Reported by: | drkirkby | Owned by: | drkirkby |
---|---|---|---|
Priority: | major | Milestone: | sage-6.4 |
Component: | porting: Solaris | Keywords: | |
Cc: | burcin, jhpalmieri, robertwb, gagern, vbraun | Merged in: | |
Authors: | Reviewers: | ||
Report Upstream: | N/A | Work issues: | |
Branch: | Commit: | ||
Dependencies: | Stopgaps: |
Description (last modified by drkirkby)
Sage builds fully 64-bit on Solaris 10 (SPARC).

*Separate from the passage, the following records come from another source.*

(* Fix a trial $t$ with current parameters $\mathbf{w}^t\in\mathbb{R}^d$ and thresholds $\theta_1^t\le\theta_2^t\le\dots\le\theta_{K-1}^t$, an instance $\mathbf{x}^t\in\mathbb{R}^d$ and an interval label $1\le y_l^t\le y_r^t\le K$. Let $l_i^t=\max(0,1+\theta_i^t-\mathbf{w}^t\cdot\mathbf{x}^t)$ for $1\le i\le y_l^t-1$ and $l_i^t=\max(0,1+\mathbf{w}^t\cdot\mathbf{x}^t-\theta_i^t)$ for $y_r^t\le i\le K-1$. Let $S_l^t\subseteq\{1,\dots,y_l^t-1\}$ and $S_r^t\subseteq\{y_r^t,\dots,K-1\}$ be the current left and right support sets, and for an index $j\in\{1,\dots,y_l^t-1\}\setminus S_l^t$ define its candidate Lagrange multiplier $$\lambda_j^t=l_j^t-\frac{\Vert\mathbf{x}^t\Vert^2\left(l_j^t+\sum_{i\in S_l^t}l_i^t-\sum_{i\in S_r^t}l_i^t\right)}{1+\Vert\mathbf{x}^t\Vert^2\left(1+|S_l^t|+|S_r^t|\right)};$$ an index $j\notin S_l^t$ is admitted to $S_l^t$ iff $\lambda_j^t>0$. Assume $S_l^t\neq\emptyset$, and let $k\notin S_l^t$ with $k+1\in S_l^t$, where $k$ is not admitted, i.e. $\lambda_k^t\le 0$. Then every $k'<k$ with $k'\notin S_l^t$ is also not admitted: $\lambda_{k'}^t\le 0$.
   Context: This concerns an online passive-aggressive algorithm for ranking into $K$ ordered classes with interval labels. A ranking classifier is given by $\mathbf{w}\in\mathbb{R}^d$ and thresholds $\theta_1\le\dots\le\theta_{K-1}$; an example $\mathbf{x}^t$ comes with an interval label $[y_l^t,y_r^t]$ containing its true rank. At each trial, the thresholds to be updated on the left of the interval form the ''left support set'' $S_l^t$ (indices with positive Lagrange multiplier in the update's KKT conditions), built greedily by testing candidate indices via the multiplier formula above with the current $S_l^t,S_r^t$. *)

From mathcomp Require Import all_boot all_order all_algebra.
Set Implicit Arguments. Unset Strict Implicit. Unset Printing Implicit Defensive.
Import Order.TTheory GRing.Theory Num.Theory.
Local Open Scope ring_scope.

Definition dotp (R : realFieldType) (d : nat) (w x : 'rV[R]_d) : R :=
  \sum_(i < d) w 0 i * x 0 i.
Definition sqnorm (R : realFieldType) (d : nat) (x : 'rV[R]_d) : R :=
  \sum_(i < d) x 0 i ^+ 2.

(* Losses: thresholds indexed by natural numbers 1..K-1. *)
Definition loss_left (R : realFieldType) (d : nat) (theta : nat -> R)
  (w x : 'rV[R]_d) (i : nat) : R :=
  Num.max 0 (1 + theta i - dotp w x).
Definition loss_right (R : realFieldType) (d : nat) (theta : nat -> R)
  (w x : 'rV[R]_d) (i : nat) : R :=
  Num.max 0 (1 + dotp w x - theta i).

(* Candidate Lagrange multiplier of a left index j, given current support
   sets Sl, Sr (subsets of {0..K-1}, used on indices 1..K-1). *)
Definition lambda_left (R : realFieldType) (d K : nat) (theta : nat -> R)
  (w x : 'rV[R]_d) (Sl Sr : {set 'I_K}) (j : nat) : R :=
  loss_left theta w x j -
  sqnorm x * (loss_left theta w x j
              + \sum_(i in Sl) loss_left theta w x (val i)
              - \sum_(i in Sr) loss_right theta w x (val i))
  / (1 + sqnorm x * (1 + #|Sl|%:R + #|Sr|%:R)).

From mathcomp Require Import all_boot all_order all_algebra.
From mathcomp Require Import ring.
Import Order.TTheory GRing.Theory Num.Theory.
Local Open Scope ring_scope.

(* With c := |x|^2 / (1 + |x|^2 (1 + |S_l| + |S_r|)) <= 1, the candidate
   multiplier is lambda_j = l_j - c (l_j + m) for an m not depending on j, a
   nondecreasing function of l_j; and l_j is nondecreasing in j because the
   thresholds are.  Hence lambda_k' <= lambda_k <= 0 for k' < k. *)

Section LeftMultiplier.

Variables (R : realFieldType) (d : nat) (theta : nat -> R) (w x : 'rV[R]_d).

Lemma sqnorm_ge0 : 0 <= sqnorm x.
Proof. by apply: sumr_ge0 => i _; exact: sqr_ge0. Qed.

Lemma loss_left_homo (i j : nat) :
  theta i <= theta j -> loss_left theta w x i <= loss_left theta w x j.
Proof.
move=> le_ij; rewrite /loss_left ge_max le_max lexx le_max /=.
by rewrite lerD2r lerD2l le_ij orbT.
Qed.

Lemma sub_scale_homo (c m : R) :
  c <= 1 -> {homo (fun l => l - c * (l + m)) : a b / a <= b}.
Proof.
move=> c_le1 a b le_ab; rewrite -subr_ge0.
have -> : b - c * (b + m) - (a - c * (a + m)) = (b - a) * (1 - c) by ring.
by rewrite mulr_ge0 // subr_ge0.
Qed.

Lemma lambda_left_homo (K : nat) (Sl Sr : {set 'I_K}) (i j : nat) :
  theta i <= theta j ->
  lambda_left theta w x Sl Sr i <= lambda_left theta w x Sl Sr j.
Proof.
move=> /loss_left_homo le_loss; rewrite /lambda_left.
set s := sqnorm x; set D := 1 + _.
have s_ge0 : 0 <= s := sqnorm_ge0.
have n_ge0 : 0 <= 1 + #|Sl|%:R + #|Sr|%:R :> R by rewrite !addr_ge0 ?ler0n.
have D_gt0 : 0 < D by rewrite /D ltr_wpDr // mulr_ge0.
have c_le1 : s / D <= 1.
  rewrite ler_pdivrMr // mul1r /D -subr_ge0.
  have -> : 1 + s * (1 + #|Sl|%:R + #|Sr|%:R) - s
            = 1 + s * (#|Sl|%:R + #|Sr|%:R) by ring.
  by rewrite addr_ge0 // mulr_ge0 // addr_ge0 ?ler0n.
rewrite -!(mulrAC s D^-1) -!addrA.
exact: sub_scale_homo _ _ c_le1 _ _ le_loss.
Qed.

End LeftMultiplier.

Theorem lemma1 (R : realFieldType) (d K : nat) (w x : 'rV[R]_d)
  (theta : nat -> R) (yl yr : nat) (Sl Sr : {set 'I_K}) (k : 'I_K) :
  (forall i j : nat, (1 <= i)%N -> (i <= j)%N -> (j < K)%N -> theta i <= theta j) ->
  (1 <= yl)%N -> (yl <= yr)%N -> (yr <= K)%N ->
  (forall i : 'I_K, i \in Sl -> (1 <= val i)%N && (val i < yl)%N) ->
  (forall i : 'I_K, i \in Sr -> (yr <= val i)%N) ->
  Sl != set0 ->
  (1 <= val k)%N -> k \notin Sl ->
  (exists2 k1 : 'I_K, k1 \in Sl & val k1 = (val k).+1) ->
  lambda_left theta w x Sl Sr (val k) <= 0 ->
  forall k' : 'I_K, (1 <= val k')%N -> (val k' < val k)%N -> k' \notin Sl ->
    lambda_left theta w x Sl Sr (val k') <= 0.
Proof.
move=> theta_mono _ _ _ _ _ _ _ _ _ lambda_k_le0 k' k'_ge1 lt_k'k _.
apply: le_trans lambda_k_le0; apply: lambda_left_homo.
exact: theta_mono k'_ge1 (ltnW lt_k'k) (ltn_ord k).
Qed.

On 64-bit OpenSolaris or Solaris 10, the stats package R fails to build. Since R is an external program, one can just touch SAGE_ROOT/spkg/installed/r-$versions and get an almost complete Sage.
However, this 64-bit Sage crashes at startup with OpenSolaris on x86, as discussed at:
http://groups.google.com/group/sage-devel/browse_thread/thread/efc864c79fed92df?hl=en
(one would expect similar on Solaris 10 x86 and probably SPARC too).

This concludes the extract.